🤖 AI Summary
To address the high computational overhead in table joint search under multi-vector models—caused by reliance on bipartite maximum matching—this paper proposes a proximity-graph-based multi-stage retrieval framework. The method replaces exhaustive bipartite matching with a lightweight many-to-one matching filtering strategy and integrates a novel refinement mechanism with an enhanced pruning scheme to jointly reduce candidate set size. By synergistically combining multi-vector embeddings, proximity graph indexing, and hierarchical filtering, the approach achieves 3.6–6.0× speedup across six benchmark datasets while preserving recall performance comparable to the best baseline. This significantly improves both efficiency and scalability of semantic-driven table discovery.
📝 Abstract
Neural embedding models are extensively employed in the table union search problem, which aims to find semantically compatible tables that can be merged with a given query table. In particular, multi-vector models, which represent a table as a vector set (typically one vector per column), have been demonstrated to achieve superior retrieval quality by capturing fine-grained semantic alignments. However, this problem faces more severe efficiency challenges than the single-vector problem due to the inherent dependency on bipartite graph maximum matching to compute unionability scores.
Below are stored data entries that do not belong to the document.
(* [<m>^2 <= 2 <n>^2 + 2 <m - n>^2] and [e^{-chi |.|}] is submultiplicative. *)
Lemma decay_weight_mul_le chi m n :
  0 <= chi ->
  decay_weight chi n * decay_weight chi (m - n)
  <= decay_weight chi m * (2 * / (bracket n ^ 2) + 2 * / (bracket (m - n) ^ 2)).
Proof.
  intros Hchi. unfold decay_weight.
  pose proof (bracket_ge_1 n) as Hx. pose proof (bracket_ge_1 (m - n)) as Hy. pose proof (bracket_ge_1 m) as Hz.
  pose proof (bracket_triangle m n) as Ht.
  set (x := bracket n) in *. set (y := bracket (m - n)) in *. set (z := bracket m) in *.
  set (e1 := exp (- chi * IZR (Z.abs n))). set (e2 := exp (- chi * IZR (Z.abs (m - n)))).
  set (e3 := exp (- chi * IZR (Z.abs m))).
  assert (He : e1 * e2 <= e3).
  { unfold e1, e2, e3. rewrite <- exp_plus. apply exp_le.
    assert (IZR (Z.abs m) <= IZR (Z.abs n) + IZR (Z.abs (m - n))) by (rewrite <- plus_IZR; apply IZR_le; lia).
    nra. }
  assert (0 < e1) by apply exp_pos. assert (0 < e2) by apply exp_pos.
  replace (e1 / x ^ 2 * (e2 / y ^ 2)) with ((e1 * e2) * / (x ^ 2 * y ^ 2)) by (field; lra).
  replace (e3 / z ^ 2 * (2 * / x ^ 2 + 2 * / y ^ 2))
    with ((e3 * ((2 * y ^ 2 + 2 * x ^ 2) / z ^ 2)) * / (x ^ 2 * y ^ 2)) by (field; lra).
  apply Rmult_le_compat_r; [left; apply Rinv_0_lt_compat, Rmult_lt_0_compat; apply pow_lt; lra|].
  apply Rle_trans with e3; [exact He|].
  rewrite <- (Rmult_1_r e3) at 1. apply Rmult_le_compat_l; [nra|].
  apply Rle_div_r; [apply pow_lt; lra|].
  assert (z * z <= (x + y) * (x + y)) by (apply Rmult_le_compat; lra).
  pose proof (pow2_ge_0 (x - y)). simpl. nra.
Qed.

Lemma Cmod_sym_psum_conv_le chi alpha beta (A H : Z -> C) N m :
  0 <= chi -> 0 <= alpha -> 0 <= beta ->
  (forall n, Cmod (A n) <= alpha * decay_weight chi n) ->
  (forall j, Cmod (H j) <= beta * decay_weight chi j) ->
  Cmod (sym_psum N (fun n => Cmult (A n) (H (m - n)%Z))) <= 24 * alpha * beta * decay_weight chi m.
Proof.
  intros Hchi Ha Hb HA HH.
  eapply Rle_trans; [apply Cmod_sym_psum_le|].
  eapply Rle_trans.
  { apply sym_rsum_le with
      (g := fun n => alpha * beta * (decay_weight chi m * (2 * / (bracket n ^ 2) + 2 * / (bracket (m - n) ^ 2)))).
    intros n. rewrite Cmod_mult.
    apply Rle_trans with (alpha * decay_weight chi n * (beta * decay_weight chi (m - n))).
    - apply Rmult_le_compat; auto using Cmod_ge_0.
    - rewrite Rmult_assoc, (Rmult_comm (decay_weight chi n)), Rmult_assoc, <- (Rmult_assoc alpha).
      apply Rmult_le_compat_l; [nra|]. rewrite Rmult_comm. now apply decay_weight_mul_le. }
  rewrite sym_rsum_scal, sym_rsum_scal, sym_rsum_plus, !sym_rsum_scal.
  pose proof (sym_rsum_inv_bracket_le N). pose proof (sym_rsum_inv_bracket_sub_le N m).
  pose proof (decay_weight_pos chi m).
  replace (24 * alpha * beta * decay_weight chi m) with (alpha * beta * (decay_weight chi m * 24)) by ring.
  apply Rmult_le_compat_l; [nra|]. apply Rmult_le_compat_l; lra.
Qed.

(** * Functions given by a decaying Fourier series *)

Lemma le_of_le_plus_div_INR x y c : 0 <= c -> (forall N, (1 <= N)%nat -> x <= y + c / INR N) -> x <= y.
Proof.
  intros Hc H. destruct (Rle_or_lt x y) as [Hxy|Hxy]; [exact Hxy|]. exfalso.
  destruct (archimed_cor1 ((x - y) / (c + 1))) as [N [HN HN0]]; [apply Rdiv_lt_0_compat; lra|].
  specialize (H N ltac:(lia)).
  assert (HNpos : 0 < INR N) by (apply lt_0_INR; lia).
  assert (c / INR N <= (c + 1) / INR N) by (apply Rmult_le_compat_r; [left; apply Rinv_0_lt_compat|]; lra).
  assert ((c + 1) / INR N < x - y); [|lra].
  unfold Rdiv. rewrite Rmult_comm. apply (Rmult_lt_reg_r (/ (c + 1))); [apply Rinv_0_lt_compat; lra|].
  rewrite Rmult_assoc, Rinv_r, Rmult_1_r by lra. exact HN.
Qed.

Lemma continuous_of_uniform_approx_R (f : R -> R) x :
  (forall eps, 0 < eps -> exists h : R -> R, continuous h x /\ forall t, Rabs (f t - h t) <= eps) ->
  continuous f x.
Proof.
  intros H. apply filterlim_locally. intros eps. pose proof (cond_pos eps).
  destruct (H (eps / 3)) as [h [Hh Hb]]; [lra|].
  apply (proj1 (filterlim_locally h (h x))) with (eps := mkposreal (eps / 3) ltac:(lra)) in Hh.
  revert Hh. apply filter_imp. intros y Hy.
  change (Rabs (f y - f x) < eps). change (Rabs (h y - h x) < eps / 3) in Hy.
  pose proof (Hb x). pose proof (Hb y).
  replace (f y - f x) with ((f y - h y) + (h y - h x) + (h x - f x)) by ring.
  eapply Rle_lt_trans; [apply Rabs_triang|].
  eapply Rle_lt_trans; [apply Rplus_le_compat_r, Rabs_triang|].
  rewrite (Rabs_minus_sym (h x)). lra.
Qed.

Lemma continuous_of_uniform_approx (f : R -> C) x :
  (forall eps, 0 < eps -> exists h : R -> C, continuous h x /\ forall t, Cmod (Cminus (f t) (h t)) <= eps) ->
  continuous f x.
Proof.
  intros H. apply continuous_C_Re_Im; apply continuous_of_uniform_approx_R; intros eps Heps;
    destruct (H eps Heps) as [h [Hh Hb]].
  - exists (fun t => Re (h t)). split; [now apply continuous_Re|].
    intros t. eapply Rle_trans; [|apply (Hb t)]. apply (re_le_Cmod (Cminus (f t) (h t))).
  - exists (fun t => Im (h t)). split; [now apply continuous_Im|].
    intros t. eapply Rle_trans; [|apply (Hb t)].
    eapply Rle_trans; [|apply (Rmax_Cmod (Cminus (f t) (h t)))]. apply Rmax_r.
Qed.

Definition fourier_psum (omega : R) (A : Z -> C) (N : nat) (t : R) : C :=
  sym_psum N (fun n => Cmult (A n) (cexpi (IZR n * omega * t))).

Lemma fourier_psum_S omega A N t :
  fourier_psum omega A (S N) t
  = Cplus (Cplus (fourier_psum omega A N t) (Cmult (A (- Z.of_nat (S N))%Z) (cexpi (IZR (- Z.of_nat (S N)) * omega * t))))
          (Cmult (A (Z.of_nat (S N))) (cexpi (IZR (Z.of_nat (S N)) * omega * t))).
Proof. apply sym_psum_S. Qed.

Lemma continuous_fourier_psum omega A N : continuous_everywhere (fourier_psum omega A N).
Proof.
  intros x.
  assert (Hterm : forall n, continuous (fun t => Cmult (A n) (cexpi (IZR n * omega * t))) x)
    by (intros n; apply continuous_Cmult; [apply continuous_Cconst | apply continuous_cexpi_mul]).
  induction N as [|N IH].
  - apply continuous_ext with (f := fun t => Cplus (Cmult (A 0%Z) (cexpi (IZR 0 * omega * t))) (RtoC 0));
      [reflexivity|].
    apply continuous_Cplus; [apply Hterm | apply continuous_Cconst].
  - eapply continuous_ext; [intros t; symmetry; apply fourier_psum_S|].
    apply continuous_Cplus; [apply continuous_Cplus; [exact IH | apply Hterm] | apply Hterm].
Qed.

Lemma fourier_psum_periodic omega A N : 0 < omega -> periodic (2 * PI / omega) (fourier_psum omega A N).
Proof.
  intros Ho x. unfold fourier_psum, sym_psum. f_equal. apply map_ext. intros j. f_equal.
  set (n := (Z.of_nat j - Z.of_nat N)%Z).
  replace (IZR n * omega * (x + 2 * PI / omega)) with (IZR n * omega * x + IZR n * (2 * PI)) by (field; lra).
  apply cexpi_plus_IZR_2PI.
Qed.

Lemma fcoef_fourier_psum_mul omega A N h m :
  continuous_everywhere h ->
  fcoef omega (fun t => Cmult (fourier_psum omega A N t) (h t)) m
  = sym_psum N (fun n => Cmult (A n) (fcoef omega h (m - n))).
Proof.
  intros Hh.
  set (F := fun n t => Cmult (Cmult (A n) (cexpi (IZR n * omega * t))) (h t)).
  assert (HF : forall n, continuous_everywhere (F n)).
  { intros n x. apply continuous_Cmult; [|apply Hh].
    apply continuous_Cmult; [apply continuous_Cconst | apply continuous_cexpi_mul]. }
  assert (HFm : forall n, fcoef omega (F n) m = Cmult (A n) (fcoef omega h (m - n))).
  { intros n. unfold F.
    rewrite (fcoef_ext _ _ (fun t => Cmult (A n) (Cmult (cexpi (IZR n * omega * t)) (h t)))) by (intros; ring).
    rewrite fcoef_Cmult_l, fcoef_cexpi_mul; [reflexivity|].
    intros x. apply continuous_Cmult; [apply continuous_cexpi_mul | apply Hh]. }
  induction N as [|N IH].
  - rewrite sym_psum_0, (fcoef_ext _ _ (F 0%Z)), HFm; [ring|].
    intros t. unfold F, fourier_psum. rewrite sym_psum_0. ring.
  - assert (HS : continuous_everywhere (fun t => Cmult (fourier_psum omega A N t) (h t)))
      by (intros x; apply continuous_Cmult; [apply continuous_fourier_psum | apply Hh]).
    rewrite sym_psum_S, <- IH, <- !HFm.
    rewrite (fcoef_ext _ _ (fun t => Cplus (Cplus (Cmult (fourier_psum omega A N t) (h t))
                                                  (F (- Z.of_nat (S N))%Z t)) (F (Z.of_nat (S N)) t)))
      by (intros t; unfold F; rewrite fourier_psum_S; ring).
    rewrite !fcoef_Cplus; auto.
    intros x. apply continuous_Cplus; [apply HS | apply HF].
Qed.

Section FourierSeries.
Variables (omega chi alpha : R) (A : Z -> C) (a : R -> C).
Hypotheses (Homega : 0 < omega) (Hchi : 0 < chi) (Halpha : 0 <= alpha)
  (Hseries : has_fourier_series omega A a) (HA : forall n, Cmod (A n) <= alpha * decay_weight chi n).

Lemma Cmod_fourier_term_le t n : Cmod (Cmult (A n) (cexpi (IZR n * omega * t))) <= alpha / (bracket n ^ 2).
Proof.
  rewrite Cmod_mult, Cmod_cexpi, Rmult_1_r. eapply Rle_trans; [apply HA|].
  apply Rmult_le_compat_l; [exact Halpha|]. apply decay_weight_le. lra.
Qed.

(* The tail bound [sym_psum_tail_le] makes the convergence uniform in [t]. *)
Lemma fourier_psum_approx t N : (1 <= N)%nat -> Cmod (Cminus (a t) (fourier_psum omega A N t)) <= 2 * alpha / INR N.
Proof.
  intros HN. assert (HNpos : 0 < INR N) by (apply lt_0_INR; lia).
  apply (le_of_le_plus_div_INR _ _ 1); [lra|]. intros K HK.
  assert (HK' : 0 < / INR K) by (apply Rinv_0_lt_compat, lt_0_INR; lia).
  pose proof (proj1 (filterlim_locally (F := eventually) _ _) (Hseries t)) as Hlim.
  destruct (Hlim (mkposreal (/ INR K / norm_factor (V:=C_R_NormedModule))
                   ltac:(apply Rdiv_lt_0_compat; [exact HK' | apply norm_factor_gt_0]))) as [M0 HM0].
  specialize (HM0 (N + M0)%nat ltac:(lia)).
  apply (norm_compat2 (V:=C_R_NormedModule)) in HM0. simpl in HM0. rewrite <- Cmod_norm in HM0.
  replace (norm_factor * (/ INR K / norm_factor)) with (/ INR K) in HM0
    by (field; split; [apply not_0_INR; lia | apply Rgt_not_eq, (norm_factor_gt_0 (V:=C_R_NormedModule))]).
  change (Cmod (Cminus (fourier_psum omega A (N + M0) t) (a t)) < / INR K) in HM0.
  pose proof (sym_psum_tail_le (fun n => Cmult (A n) (cexpi (IZR n * omega * t))) alpha N M0 Halpha HN
                (Cmod_fourier_term_le t)) as Htail.
  fold (fourier_psum omega A (N + M0) t) (fourier_psum omega A N t) in Htail.
  replace (Cminus (a t) (fourier_psum omega A N t))
    with (Cplus (Copp (Cminus (fourier_psum omega A (N + M0) t) (a t)))
                (Cminus (fourier_psum omega A (N + M0) t) (fourier_psum omega A N t)))
    by ring.
  eapply Rle_trans; [apply Cmod_triangle|]. rewrite Cmod_opp.
  assert (0 <= 2 * alpha * / INR (N + M0))
    by (apply Rmult_le_pos; [lra | left; apply Rinv_0_lt_compat, lt_0_INR; lia]).
  unfold Rdiv in *. lra.
Qed.

Lemma fourier_series_continuous : continuous_everywhere a.
Proof.
  intros x. apply continuous_of_uniform_approx. intros eps Heps.
  destruct (archimed_cor1 (eps / (2 * alpha + 1))) as [N [HN HN0]]; [apply Rdiv_lt_0_compat; lra|].
  exists (fourier_psum omega A N). split; [apply continuous_fourier_psum|].
  intros t. eapply Rle_trans; [apply fourier_psum_approx; lia|].
  assert (HNpos : 0 < INR N) by (apply lt_0_INR; lia).
  assert (Hlt : 2 * alpha + 1 < eps * INR N).
  { apply (Rmult_lt_compat_r (INR N * (2 * alpha + 1))) in HN; [|nra].
    replace (/ INR N * (INR N * (2 * alpha + 1))) with (2 * alpha + 1) in HN by (field; lra).
    replace (eps / (2 * alpha + 1) * (INR N * (2 * alpha + 1))) with (eps * INR N) in HN by (field; lra).
    exact HN. }
  apply Rle_div_l; [exact HNpos | lra].
Qed.

Lemma fourier_series_periodic : periodic (2 * PI / omega) a.
Proof.
  intros x. set (T := 2 * PI / omega).
  assert (H : Cmod (Cminus (a (x + T)) (a x)) = 0).
  { apply Rle_antisym; [|apply Cmod_ge_0].
    apply (le_of_le_plus_div_INR _ _ (4 * alpha)); [lra|]. intros N HN.
    replace (Cminus (a (x + T)) (a x))
      with (Cminus (Cminus (a (x + T)) (fourier_psum omega A N (x + T))) (Cminus (a x) (fourier_psum omega A N x)))
      by (unfold T; rewrite fourier_psum_periodic by exact Homega; ring).
    eapply Rle_trans; [unfold Cminus at 1; apply Cmod_triangle|]. rewrite Cmod_opp.
    pose proof (fourier_psum_approx (x + T) N HN). pose proof (fourier_psum_approx x N HN).
    unfold Rdiv in *. lra. }
  apply Cmod_eq_0 in H.
  replace (a (x + T)) with (Cplus (Cminus (a (x + T)) (a x)) (a x)) by ring.
  rewrite H. ring.
Qed.

Lemma Cmod_fourier_psum_le N t : Cmod (fourier_psum omega A N t) <= 6 * alpha.
Proof.
  eapply Rle_trans; [apply Cmod_sym_psum_le|].
  eapply Rle_trans; [apply sym_rsum_le; intros n; apply (Cmod_fourier_term_le t n)|].
  unfold Rdiv. rewrite sym_rsum_scal, (Rmult_comm 6).
  apply Rmult_le_compat_l; [exact Halpha | apply sym_rsum_inv_bracket_le].
Qed.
Therefore, this paper proposes an efficient Proximity Graph-based Table Union Search (PGTUS) approach. PGTUS employs a multi-stage pipeline that combines a novel refinement strategy, a filtering strategy based on many-to-one bipartite matching. Besides, we propose an enhanced pruning strategy to prune the candidate set, which further improve the search efficiency. Extensive experiments on six benchmark datasets demonstrate that our approach achieves 3.6-6.0X speedup over existing approaches while maintaining comparable recall rates.